[DATA SUPPLIED — start]

Lemma adjF_edge (F : {set E}) u v :
  adjF ends F u v -> exists2 e, e \in F & ends e = (u, v) \/ ends e = (v, u).
Proof.
by case/andP=> _ /existsP [e /andP [eF /orP [] /eqP]]; exists e => //; [left|right].
Qed.

Section DominatingPair.
Variables (F : {set E}) (D P : {set V}).

Lemma paired_dominating_total x :
  paired_dominatingF ends F P -> exists2 y, y \in P & adjF ends F x y.
Proof.
case=> P_dom [M [MF M_in_P M_perfect]].
have [xP|/P_dom //] := boolP (x \in P).
have /card_gt0P [m] : 0 < #|[set m in M | incident ends m x]| by rewrite M_perfect.
rewrite inE => /andP [mM x_m]; have [m1P m2P m12] := M_in_P m mM.
have m_adj := adjF_ends (subsetP MF m mM) m12.
by case/orP: x_m => /eqP <-; [exists (ends m).2 | exists (ends m).1; rewrite // adjF_sym].
Qed.

Lemma dominating_disjoint_neighbor x :
  [disjoint D & P] -> dominatingF ends F D -> x \in P -> exists2 y, y \in D & adjF ends F x y.
Proof. by move=> DP D_dom xP; apply: D_dom; apply/negP => /(disjointFr DP); rewrite xP. Qed.
End DominatingPair.
End Adjacency.

Section S2Graph.
Variables (V E : finType) (ends : E -> V * V) (alpha : V -> nat).

Local Notation G := (S2ends ends alpha).
Local Notation S2V := (S2V ends alpha).
Local Notation S2E := (S2E ends alpha).
Local Notation inner_edge := {eb : E * bool | ~~ is_leaf ends (endpt ends eb)}.
Local Notation copy_edge :=
  {q : (E * bool) * S2copies ends alpha | tag (val q.2) == endpt ends q.1}.

Definition S2_inner (eb : inner_edge) : S2V :=
  inl (inl (exist (fun v => ~~ is_leaf ends v) (endpt ends (val eb)) (valP eb))).

Lemma copy_edge_endpt (q : copy_edge) : endpt ends (val q).1 = tag (val (val q).2).
Proof. exact/esym/eqP/(valP q). Qed.

Lemma copy_edge_inj (q1 q2 : copy_edge) : (val q1).2 = (val q2).2 -> q1 = q2.
Proof.
move=> q12; apply: val_inj; rewrite [val q1]surjective_pairing [val q2]surjective_pairing q12.
congr pair; apply: (leaf_endpt_inj (valP (val q2).2)); by rewrite copy_edge_endpt ?q12.
Qed.

Lemma S2_copy_neighbor (F : {set S2E}) c y : adjF G F (inl (inr c)) y ->
  exists q : copy_edge, [/\ inr q \in F, (val q).2 = c & y = inr (val q).1].
Proof. by case/adjF_edge => -[[e|eb]|q] zF [] // [<- <-]; exists q. Qed.

Lemma S2_subdiv_neighbor (F : {set S2E}) eb y : adjF G F (inr eb) y ->
  [\/ y = inr (twin eb) /\ inl (inl eb.1) \in F,
      exists2 eb' : inner_edge, val eb' = eb & y = S2_inner eb' /\ inl (inr eb') \in F
    | exists2 q : copy_edge, (val q).1 = eb & y = inl (inr (val q).2)].
Proof.
case/adjF_edge => -[[e|eb']|q] zF [] // [<- <-].
- by constructor 1.
- by constructor 1.
- by constructor 2; exists eb'.
- by constructor 3; exists q.
Qed.

Hypothesis alpha_leaf : forall v, is_leaf ends v -> 0 < alpha v.
Hypothesis ends_corona : is_corona ends.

[DATA SUPPLIED — finish]

__PROBLEM DETAILS__
Repeat word for word each line from the one with "exists q : copy_edge, [/\" to the end of the records above, inclusive.

__SOLVED EXERCISE__
  exists q : copy_edge, [/\ inr q \in F, (val q).2 = c & y = inr (val q).1].
Proof. by case/adjF_edge => -[[e|eb]|q] zF [] // [<- <-]; exists q. Qed.

Lemma S2_subdiv_neighbor (F : {set S2E}) eb y : adjF G F (inr eb) y ->
  [\/ y = inr (twin eb) /\ inl (inl eb.1) \in F,
      exists2 eb' : inner_edge, val eb' = eb & y = S2_inner eb' /\ inl (inr eb') \in F
    | exists2 q : copy_edge, (val q).1 = eb & y = inl (inr (val q).2)].
Proof.
case/adjF_edge => -[[e|eb']|q] zF [] // [<- <-].
- by constructor 1.
- by constructor 1.
- by constructor 2; exists eb'.
- by constructor 3; exists q.
Qed.

Hypothesis alpha_leaf : forall v, is_leaf ends v -> 0 < alpha v.
Hypothesis ends_corona : is_corona ends.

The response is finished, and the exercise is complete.